On 8/3/10, Rudi Ahlers Rudi@softdux.com wrote:
I'm considering setting up a Lustre cluster system for our XEN virtual machines as shared storage, mainly for high availability on our XEN VPS servers.
Does anyone use Lustre in a production environment? What is your opinions / experiences with it?
I haven't used Lustre but was also researching on using it for same purpose as shared storage for VMs. Dropped it in the end from consideration after some discussion on the Lustre mailing list points out that it's more intended for high performance rather than high availability. So it might not be that suitable as a HA solution.
Have you considered trying Gluster instead?
Emmanuel Noobadmin writes:
On 8/3/10, Rudi Ahlers Rudi@softdux.com wrote:
I'm considering setting up a Lustre cluster system for our XEN virtual machines as shared storage, mainly for high availability on our XEN VPS servers.
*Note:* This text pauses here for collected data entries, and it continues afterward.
(* Let $(a,b,c,\lambda,\delta)\in(\mathbb F^\times)^4\times\mathbb F$. If the $\triangle_q$-module $W_\lambda^\delta(a,b,c)$ is irreducible, then $\delta\ne0$ or $\lambda^2\notin\{q^{2i}: i=0,1,\dots,d'-2\}$.
   Context: $\mathbb F$ is an algebraically closed field and $q\in\mathbb F^\times$ a root of unity of order $d\notin\{1,2,4\}$; $d'=d$ if $d$ odd, $d'=d/2$ if $d$ even. $\triangle_q$ is the unital associative $\mathbb F$-algebra with generators $A,B,C$ subject to: each of $A+\frac{qBC-q^{-1}CB}{q^2-q^{-2}}$, $B+\frac{qCA-q^{-1}AC}{q^2-q^{-2}}$, $C+\frac{qAB-q^{-1}BA}{q^2-q^{-2}}$ is central; $\alpha,\beta,\gamma$ are these times $q+q^{-1}$. For $(a,b,c,\lambda)\in(\mathbb F^\times)^4$, $i\in\mathbb N$: $\theta_i=a\lambda^{-1}q^{2i}+a^{-1}\lambda q^{-2i}$, $\theta_i^*=b\lambda^{-1}q^{2i}+b^{-1}\lambda q^{-2i}$, $\varphi_i=a^{-1}b^{-1}\lambda q(q^i-q^{-i})(\lambda^{-1}q^{i-1}-\lambda q^{1-i})(q^{-i}-abc\lambda^{-1}q^{i-1})(q^{-i}-abc^{-1}\lambda^{-1}q^{i-1})$. $M_\lambda(a,b,c)$ has basis $\{m_i\}_{i\in\mathbb N}$, $(A-\theta_i)m_i=m_{i+1}$, $(B-\theta_i^* )m_i=\varphi_im_{i-1}$, $\alpha,\beta,\gamma$ acting as $(b+b^{-1})(c+c^{-1})+(a+a^{-1})(\lambda q+\lambda^{-1}q^{-1})$, $(c+c^{-1})(a+a^{-1})+(b+b^{-1})(\lambda q+\lambda^{-1}q^{-1})$, $(a+a^{-1})(b+b^{-1})+(c+c^{-1})(\lambda q+\lambda^{-1}q^{-1})$. $W_\lambda^\delta(a,b,c)$ is the quotient of $M_\lambda(a,b,c)$ by the span of $\{\delta m_i-m_{d'+i}\}_{i\in\mathbb N}$. *)

From HB Require Import structures.
From mathcomp Require Import all_boot all_order all_algebra.
Set Implicit Arguments. Unset Strict Implicit. Unset Printing Implicit Defensive.
Import Order.TTheory GRing.Theory.
Local Open Scope ring_scope.

(* The module M_lambda(a,b,c) is modelled on the F-vector space {poly F},
   the basis vector m_i being 'X^i. *)

Section Delta.
Variables (F : fieldType) (q a b c lam : F).

Definition dprime (d : nat) : nat := if odd d then d else d./2.

Definition theta (i : nat) : F := a / lam * q ^+ (2 * i) + lam / a * q ^- (2 * i).
Definition thetas (i : nat) : F := b / lam * q ^+ (2 * i) + lam / b * q ^- (2 * i).
(* q^{i-1} written as q^i * q^{-1}, q^{1-i} as q * q^{-i} *)
Definition phi (i : nat) : F :=
  (a * b)^-1 * lam * q * (q ^+ i - q ^- i)
  * (lam^-1 * (q ^+ i * q^-1) - lam * (q * q ^- i))
  * (q ^- i - a * b * c / lam * (q ^+ i * q^-1))
  * (q ^- i - a * b / c / lam * (q ^+ i * q^-1)).

(* scalar by which gamma acts *)
Definition gammaM : F :=
  (a + a^-1) * (b + b^-1) + (c + c^-1) * (lam * q + lam^-1 * q^-1).

Definition actA (p : {poly F}) : {poly F} :=
  \sum_(i < size p) p`_i *: (theta i *: 'X^i + 'X^(i.+1)).
(* action of B : (B - theta*_i) m_i = phi_i m_{i-1}  (phi_0 = 0) *)
Definition actB (p : {poly F}) : {poly F} :=
  \sum_(i < size p) p`_i *: (thetas i *: 'X^i + phi i *: 'X^(i.-1)).
(* action of C, forced by: C + (qAB - q^{-1}BA)/(q^2-q^{-2}) is central and
   acts as gamma/(q+q^{-1}) *)
Definition actC (p : {poly F}) : {poly F} :=
  (gammaM / (q + q^-1)) *: p
  - (q ^+ 2 - q ^- 2)^-1 *: (q *: actA (actB p) - q^-1 *: actB (actA p)).

Definition inN (dp : nat) (delta : F) (p : {poly F}) : Prop :=
  exists s : seq (nat * F),
    p = \sum_(x <- s) x.2 *: (delta *: 'X^(x.1) - 'X^(dp + x.1)).

Definition subspace (U : {poly F} -> Prop) : Prop :=
  [/\ U 0, (forall p r, U p -> U r -> U (p + r)) & (forall k p, U p -> U (k *: p))].

Definition stable (U : {poly F} -> Prop) : Prop :=
  [/\ (forall p, U p -> U (actA p)), (forall p, U p -> U (actB p))
    & (forall p, U p -> U (actC p))].

(* W = M / N is irreducible: W <> 0, and every submodule of M containing N
   is N or M (correspondence theorem for quotient modules). *)
Definition W_irreducible (dp : nat) (delta : F) : Prop :=
  (exists p, ~ inN dp delta p) /\
  forall U : {poly F} -> Prop,
    subspace U -> (forall p, inN dp delta p -> U p) -> stable U ->
    (forall p, U p -> inN dp delta p) \/ (forall p, U p).

End Delta.

(** If [delta = 0] and [lam^2 = q^(2i)] with [i + 1 < d'], then [phi (i+1)] vanishes,
    so [B] cannot lower [m_(i+1)] to [m_i] and [span {m_j | j > i}] is a submodule of
    [M_lambda(a,b,c)].  For [delta = 0] the subspace [N] is [span {m_j | j >= d'}], so
    this submodule contains [N] properly (it contains [m_(i+1)]) and misses [m_0];
    it therefore projects to a proper nonzero submodule of [W]. *)

From HB Require Import structures.
From mathcomp Require Import all_boot all_order all_algebra.
From mathcomp Require Import ring zify.
Set Implicit Arguments.
Unset Strict Implicit.
Unset Printing Implicit Defensive.

Import GRing.Theory.
Local Open Scope ring_scope.

Lemma dprime_gt1 d : (2 < d)%N -> (1 < dprime d)%N.
Proof.
rewrite /dprime; case: ifP => [_|even_d d_gt2]; first exact: ltnW.
have := odd_double_half d; rewrite even_d add0n => d_eq.
by move: d_gt2; rewrite -d_eq -!muln2; lia.
Qed.

Section TailSpan.
Variables (F : fieldType) (q a b c lam : F).

Definition tail_span (n : nat) (p : {poly F}) : Prop :=
  forall j, (j < n)%N -> p`_j = 0.

Lemma tail_span_subspace n : subspace (tail_span n).
Proof.
split=> [j _|p r p_n r_n j jn|k p p_n j jn]; first by rewrite coef0.
- by rewrite coefD p_n ?r_n ?addr0.
- by rewrite coefZ p_n ?mulr0.
Qed.

Lemma tail_span_Xn n : tail_span n 'X^n.
Proof. by move=> j jn; rewrite coefXn ltn_eqF. Qed.

Lemma actA_tail_span n p : tail_span n p -> tail_span n (actA q a lam p).
Proof.
move=> p_n j jn; rewrite /actA coef_sum big1 // => k _.
rewrite coefZ coefD coefZ !coefXn.
have [kn|nk] := ltnP k n; first by rewrite p_n // mul0r.
by rewrite !ltn_eqF ?(mulr0, add0r) //; lia.
Qed.

Lemma actB_tail_span n p :
  phi q a b c lam n = 0 -> tail_span n p -> tail_span n (actB q a b c lam p).
Proof.
move=> phi_n p_n j jn; rewrite /actB coef_sum big1 // => k _.
rewrite coefZ coefD !coefZ !coefXn.
have [kn|nk] := ltnP k n; first by rewrite p_n // mul0r.
rewrite ltn_eqF; last by lia.
have [j_eq|_] := eqVneq j k.-1; last by rewrite !(mulr0, addr0).
have -> : k = n :> nat by lia.
by rewrite phi_n !(mulr0, mul0r, addr0).
Qed.

Lemma actC_tail_span n p :
  phi q a b c lam n = 0 -> tail_span n p -> tail_span n (actC q a b c lam p).
Proof.
move=> phi_n p_n j jn; rewrite /actC coefB !coefZ coefB !coefZ.
rewrite p_n // (actA_tail_span (actB_tail_span phi_n p_n) jn).
by rewrite (actB_tail_span phi_n (actA_tail_span p_n) jn) !(mulr0, subrr).
Qed.

Lemma stable_tail_span n :
  phi q a b c lam n = 0 -> stable q a b c lam (tail_span n).
Proof.
move=> phi_n; split=> p.
- exact: actA_tail_span.
- exact: actB_tail_span.
- exact: actC_tail_span.
Qed.

Lemma inN0_tail_span dp p : inN dp 0 p -> tail_span dp p.
Proof.
move=> [s ->] j jdp; rewrite coef_sum big1 // => x _.
by rewrite coefZ coefB coefZ mul0r coefXn ltn_eqF ?subrr ?mulr0 //; lia.
Qed.

Lemma not_W_irreducible_tail_span dp n :
  (0 < n < dp)%N -> phi q a b c lam n = 0 -> ~ W_irreducible q a b c lam dp 0.
Proof.
move=> /andP[n_gt0 n_lt_dp] phi_n [_ /(_ (tail_span n))].
case=> [|||tail_N|tail_all].
- exact: tail_span_subspace.
- by move=> p /inN0_tail_span p_dp j jn; apply: p_dp; lia.
- exact: stable_tail_span.
- have /eqP := inN0_tail_span (tail_N _ (tail_span_Xn (n := n))) n_lt_dp.
  by rewrite coefXn eqxx oner_eq0.
- have /eqP := tail_all 1 0%N n_gt0.
  by rewrite coef1 oner_eq0.
Qed.

Lemma phiS_eq0 i : q != 0 -> lam != 0 -> lam ^+ 2 = q ^+ (2 * i) ->
  phi q a b c lam i.+1 = 0.
Proof.
move=> q0 lam0 lam2; rewrite /phi; set x := q ^+ i.
have x0 : x != 0 by rewrite expf_neq0.
have x2 : x ^+ 2 = lam ^+ 2 by rewrite lam2 -exprM mulnC.
have -> : q ^+ i.+1 * q^-1 = x by rewrite exprSr mulfK.
have -> : q * q ^- i.+1 = x^-1 by rewrite exprSr invfM mulrCA mulfV ?mulr1.
have -> : lam^-1 * x - lam * x^-1 = (x ^+ 2 - lam ^+ 2) / (lam * x).
  by field; rewrite lam0 x0.
by rewrite x2 subrr !(mul0r, mulr0).
Qed.

End TailSpan.

Theorem lemma8p1 (F : closedFieldType) (q : F) (d : nat)
  (hq : d.-primitive_root q) (hd : d \notin [:: 1%N; 2%N; 4%N])
  (a b c lam delta : F)
  (ha : a != 0) (hb : b != 0) (hc : c != 0) (hlam : lam != 0) :
  W_irreducible q a b c lam (dprime d) delta ->
  delta != 0 \/ ~ (exists i : nat, (i <= dprime d - 2)%N /\ lam ^+ 2 = q ^+ (2 * i)).
Proof.
have [->|] := eqVneq delta 0; last by left.
move=> W_irr; right=> -[i [i_le lam2]].
have d_gt2 : (2 < d)%N.
  by move: (prim_order_gt0 hq) hd; rewrite !inE; lia.
have q0 : q != 0 by rewrite (prim_root_eq0 hq) -lt0n (prim_order_gt0 hq).
have i_lt : (0 < i.+1 < dprime d)%N by have := dprime_gt1 d_gt2; lia.
exact: (not_W_irreducible_tail_span i_lt (phiS_eq0 a b c q0 hlam lam2) W_irr).
Qed.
Does anyone use Lustre in a production environment? What is your opinions / experiences with it?
I haven't used Lustre but was also researching on using it for same purpose as shared storage for VMs. Dropped it in the end from consideration after some discussion on the Lustre mailing list points out that it's more intended for high performance rather than high availability. So it might not be that suitable as a HA solution.
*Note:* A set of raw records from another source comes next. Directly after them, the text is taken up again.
Lemma cyclic_le_const (f : nat -> nat) m : 0 < m ->
  (forall r, r < m -> f r <= f (S r mod m)) -> forall r, r < m -> f r = f 0.
Proof.
  intros Hm Hstep.
  assert (Hup : forall r, S r < m -> f r <= f (S r)).
  { intros r Hr. rewrite <- (Nat.mod_small (S r) m) by auto. apply Hstep. lia. }
  assert (Hwrap : f (m - 1) <= f 0).
  { specialize (Hstep (m - 1) ltac:(lia)).
    now replace (S (m - 1)) with m in Hstep by lia; rewrite Nat.Div0.mod_same in Hstep. }
  assert (Hbelow : forall r, r < m -> f 0 <= f r).
  { induction r as [|r IH]; intros Hr; auto.
    specialize (Hup r Hr). specialize (IH ltac:(lia)). lia. }
  assert (Habove : forall d, d < m -> f (m - 1 - d) <= f (m - 1)).
  { induction d as [|d IH]; intros Hd; [now rewrite Nat.sub_0_r|].
    specialize (Hup (m - 1 - S d) ltac:(lia)). specialize (IH ltac:(lia)).
    replace (S (m - 1 - S d)) with (m - 1 - d) in Hup by lia. lia. }
  intros r Hr. specialize (Hbelow r Hr). specialize (Habove (m - 1 - r) ltac:(lia)).
  replace (m - 1 - (m - 1 - r)) with r in Habove by lia. lia.
Qed.

Lemma gadget_class_count_const m k n r :
  0 < m -> r < m -> gadget_class_count m k n r = gadget_class_count m k n 0.
Proof.
  intros Hm. apply (cyclic_le_const (gadget_class_count m k n)); auto.
  intros; now apply gadget_class_count_le_next.
Qed.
Have you considered trying Gluster instead?
What do Gluster or Lustre offer that the builtin Red Hat Cluster Suite does not?
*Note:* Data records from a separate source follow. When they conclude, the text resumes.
Lemma prob_not_servedE (alpha eta tau : R) : 0 <= eta ->
  prob_not_served alpha eta tau = (not_served_mass eta (alpha + tau))%:E.
Proof.
move=> eta_ge0; rewrite /prob_not_served /std_normal2 not_servedE // /not_served_mass.
set x := alpha + tau; set s := x + eta.
have mI (i : interval R) : measurable [set` i] by exact: measurable_itv.
have mII (i j : interval R) : measurable ([set` i] `*` [set` j]) by exact: measurableX.
(* The two squares meet only at (s, s), which is null. *)
apply/le_anti/andP; split.
  apply: le_trans (measureU2 normal2 (mII _ _) (mII _ _)) _.
  rewrite -nprob_itvcy EFinD !expr2 -!normal2X //.
have disj : `[x, s] `*` `[x, s] `&` `]s, +oo[ `*` `]s, +oo[ = set0.
  apply/seteqP; split=> // -[y1 y2] [[/= + _] [/= + _]].
  by rewrite !in_itv /= andbT => /andP[_ y1s] /(le_lt_trans y1s); rewrite ltxx.
rewrite EFinD !expr2 -!normal2X; try exact: mI.
rewrite -(measureU normal2 (mII _ _) (mII _ _) disj).
apply: (le_measure normal2); rewrite ?inE; try by apply: measurableU; exact: mII.
apply: setUS => -[y1 y2] [] /=; rewrite !in_itv /= !andbT => /ltW -> /ltW ->.
by split.
Qed.

Lemma normal_pdf01E y : pdf y = peak * expR (- (y ^+ 2) / 2).
Proof. by rewrite normal_pdfE ?oner_neq0 // /normal_fun subr0 expr1n. Qed.

Lemma normal_peak1_ge : 7 / 20 <= peak.
Proof.
rewrite /normal_peak expr1n mul1r; set q : R := Num.sqrt _.
have pi_lt4 : (pi : R) < 4 by have := @pihalf_lt2 R; lra.
have q_gt0 : 0 < q by rewrite sqrtr_gt0 pmulrn_lgt0 // pi_gt0.
have q_le : q <= 20 / 7.
  have : q ^+ 2 = pi *+ 2 by rewrite sqr_sqrtr // pmulrn_lge0 // pi_ge0.
  rewrite mulr2n; nra.
have qVq : q^-1 * q = 1 by rewrite mulVf // gt_eqF.
nra.
Qed.

Lemma normal_pdf_le c y : c <= y ^+ 2 / 2 -> pdf y <= peak * expR (- c).
Proof.
move=> cy; rewrite normal_pdf01E ler_wpM2l ?normal_peak_ge0 // ler_expR; lra.
Qed.

Lemma normal_pdf_ge c y : y ^+ 2 / 2 <= c -> peak * expR (- c) <= pdf y.
Proof.
move=> yc; rewrite normal_pdf01E ler_wpM2l ?normal_peak_ge0 // ler_expR; lra.
Qed.

Lemma nprob_slab_ge b1 b2 (a c k : R) : - k <= a -> a <= c -> c <= k ->
  peak * (1 - k ^+ 2 / 2) * (c - a) <= nprob [set` Interval (BSide b1 a) (BSide b2 c)].
Proof.
move=> ka ac ck; apply: nprob_itv_ge => // y /andP[ay yc].
apply: le_trans (normal_pdf_ge (k ^+ 2 / 2) y _); last by nra.
by rewrite ler_wpM2l ?normal_peak_ge0 //; have := expR_ge1Dx (- (k ^+ 2 / 2)); lra.
Qed.

Lemma nprob_left_tail_le (a b : R) : a <= b -> b <= -8 ->
  nprob `[a, b[ <= peak * expR (-32) * (b - a).
Proof.
move=> ab b_le; apply: nprob_itv_le => // y /andP[_ yb]; apply: (normal_pdf_le 32).
have y8 : 8 <= - y by lra.
have : 8 * 8 <= y ^+ 2 by rewrite -sqrrN expr2; apply: ler_pM.
lra.
Qed.

Lemma nprob_strip_ge (a b : R) : 0 <= a -> a <= b -> b <= 2 ->
  peak * expR (-2) * (b - a) <= nprob `]a, b].
Proof.
move=> a_ge0 ab b_le; apply: nprob_itv_ge => // y /andP[ay yb]; apply: (normal_pdf_ge 2).
have y_ge0 : 0 <= y by lra.
have y_le2 : y <= 2 by lra.
have : y ^+ 2 <= 2 * 2 by rewrite expr2; apply: ler_pM.
lra.
Qed.

Lemma nprob_center : 31 / 61 < nprob `[- (6 / 5), 6 / 5 : R].
Proof.
(* Five slabs give peak * 1.519 >= 0.53. *)
rewrite (nprob_itv_split _ (BLeft (9 / 10)) _); [|by rewrite bnd_simp; lra..].
rewrite (nprob_itv_split _ (BLeft (1 / 2)) _); [|by rewrite bnd_simp; lra..].
rewrite (nprob_itv_split _ (BLeft (- (1 / 2))) _); [|by rewrite bnd_simp; lra..].
rewrite (nprob_itv_split _ (BLeft (- (9 / 10))) _); [|by rewrite bnd_simp; lra..].
have := @nprob_slab_ge true true (- (6 / 5)) (- (9 / 10)) (6 / 5).
have := @nprob_slab_ge true true (- (9 / 10)) (- (1 / 2)) (9 / 10).
have := @nprob_slab_ge true true (- (1 / 2)) (1 / 2) (1 / 2).
have := @nprob_slab_ge true true (1 / 2) (9 / 10) (9 / 10).
have := @nprob_slab_ge true false (9 / 10) (6 / 5) (6 / 5).
have := normal_peak1_ge.
lra.
Qed.

End StandardNormal.

Lemma expR_ratio {R : realType} : 31 * expR (-32) <= expR (-2) :> R.
Proof.
have -> : -2 = 30 + -32 :> R by lra.
rewrite expRD; have := expR_ge1Dx (30 : R); have := expR_gt0 (-32 : R).
nra.
Qed.

Lemma sum_sqr_shift_lt {R : realFieldType} (B A D E : R) : 0 <= D -> B + A <= 1 ->
  B * E < D * (2 * B - 1) -> B ^+ 2 + A ^+ 2 < (B + D - E) ^+ 2 + (A - D) ^+ 2.
Proof.
move=> D_ge0 BA key.
have AD : A * D <= (1 - B) * D by apply: ler_wpM2r => //; lra.
nra.
Qed.

Lemma shift_condition_of_ratio {R : realFieldType} {B E D a r t : R} :
  E <= a * r -> a * t <= D -> 31 / 61 < B -> 0 < a -> 0 < r -> 31 * r <= t ->
  B * E < D * (2 * B - 1).
Proof.
(* B E <= B D / 31 < D (2 B - 1), the last step being B > 31/61. *)
move=> Ear atD B_gt a_gt0 r_gt0 rt.
have BE : B * E <= B * (a * r) by apply: ler_wpM2l => //; lra.
have Dt : a * t * (2 * B - 1) <= D * (2 * B - 1) by apply: ler_wpM2r => //; lra.
have rt2 : a * (31 * r * (2 * B - 1)) <= a * (t * (2 * B - 1)).
  by apply/ler_wpM2l/ler_wpM2r; lra.
have gap : 0 < a * r * (61 * B - 31) by rewrite !mulr_gt0 //; lra.
lra.
Qed.

Lemma not_served_mass_lt {R : realType} (eta x1 x2 : R) :
  52 / 5 < eta < 53 / 5 -> - (91 / 10) < x1 -> x1 < x2 -> x2 < - (43 / 5) ->
  not_served_mass eta x1 < not_served_mass eta x2.
Proof.
move=> /andP[eta_lo eta_hi] x1_lo x12 x2_hi; rewrite /not_served_mass.
have itv_split := @nprob_itv_split R.
have -> : nprob `[x2, x2 + eta] =
    nprob `[x1, x1 + eta] + nprob `]x1 + eta, x2 + eta] - nprob `[x1, x2[.
  have := itv_split (BLeft x1) (BRight (x1 + eta)) (BRight (x2 + eta)).
  have := itv_split (BLeft x1) (BLeft x2) (BRight (x2 + eta)).
  rewrite !bnd_simp; lra.
have -> : nprob `]x2 + eta, +oo[ = nprob `]x1 + eta, +oo[ - nprob `]x1 + eta, x2 + eta].
  have := itv_split (BRight (x1 + eta)) (BRight (x2 + eta)) +oo%O.
  rewrite !bnd_simp; lra.
apply: sum_sqr_shift_lt; first exact: nprob_ge0.
  rewrite -itv_split; [exact: nprob_le1 (measurable_itv _) | rewrite bnd_simp; lra | by []].
have B_gt : 31 / 61 < nprob `[x1, x1 + eta].
  apply: (lt_le_trans nprob_center); apply: le_nprob; try exact: measurable_itv.
  by apply: subset_itv; rewrite bnd_simp; lra.
have E_le : nprob `[x1, x2[ <= normal_peak 1 * expR (-32) * (x2 - x1).
  by apply: nprob_left_tail_le; lra.
have D_ge : normal_peak 1 * expR (-2) * (x2 - x1) <= nprob `]x1 + eta, x2 + eta].
  have -> : x2 - x1 = x2 + eta - (x1 + eta) by ring.
  by apply: nprob_strip_ge; lra.
rewrite mulrAC in E_le; rewrite mulrAC in D_ge.
apply: (shift_condition_of_ratio E_le D_ge B_gt _ _ expR_ratio).
  by rewrite mulr_gt0 ?normal_peak_gt0 ?oner_neq0 ?subr_gt0.
exact: expR_gt0.
Qed.

Theorem proposition8 (R : realType) :
  exists (Xi : set (R * R)) (taubar : R),
    open Xi /\ Xi !=set0 /\ 0 < taubar /\
    forall alpha eta : R, Xi (alpha, eta) ->
      forall tau1 tau2 : R, 0 <= tau1 -> tau1 < tau2 -> tau2 < taubar ->
        (prob_not_served alpha eta tau1 < prob_not_served alpha eta tau2)%E.
Proof.
exists (ball ((-9 : R), (21 / 2 : R)) (1 / 10)), (1 / 10).
split; first exact: ball_open.
split; first by exists ((-9 : R), (21 / 2 : R)); apply: ballxx.
split=> // alpha eta [/= alpha_near eta_near] tau1 tau2 tau1_ge0 tau12 tau2_lt.
move: alpha_near eta_near; rewrite /ball /= !ltr_distlC => /andP[? ?] /andP[? ?].
rewrite !prob_not_servedE; [|lra..]; rewrite lte_fin.
apply: not_served_mass_lt; lra.
Qed.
--------------------------------------------------------------- This message and any attachments may contain Cypress (or its subsidiaries) confidential information. If it has been received in error, please advise the sender and immediately delete this message. ---------------------------------------------------------------
On 8/3/10, Lars Hecking lhecking@users.sourceforge.net wrote:
What do Gluster or Lustre offer that the builtin Red Hat Cluster Suite does not?
Being a noob admin, I'm not sure and still haven't decided fully on which way to go, largely because it seems the technologies of choice are both still maturing (gluster + non-Solaris ZFS).
I don't know about Rudi's requirements but in my case, having an easily expandable and high availability storage with minimum switch over time that's decoupled from the VM host machines is the objective.
From what I understand, I cannot do the equivalent of network RAID 1
with a normal DRBD/HB style cluster. Gluster with replicate appears to do exactly that. I can have 2 or more storage servers with real time duplicates of the same data so that if any one fails the cluster does not run into problem. By using gluster distribute over pairs of server, it seems that I can also easily add more storage by adding more pairs of replicate server.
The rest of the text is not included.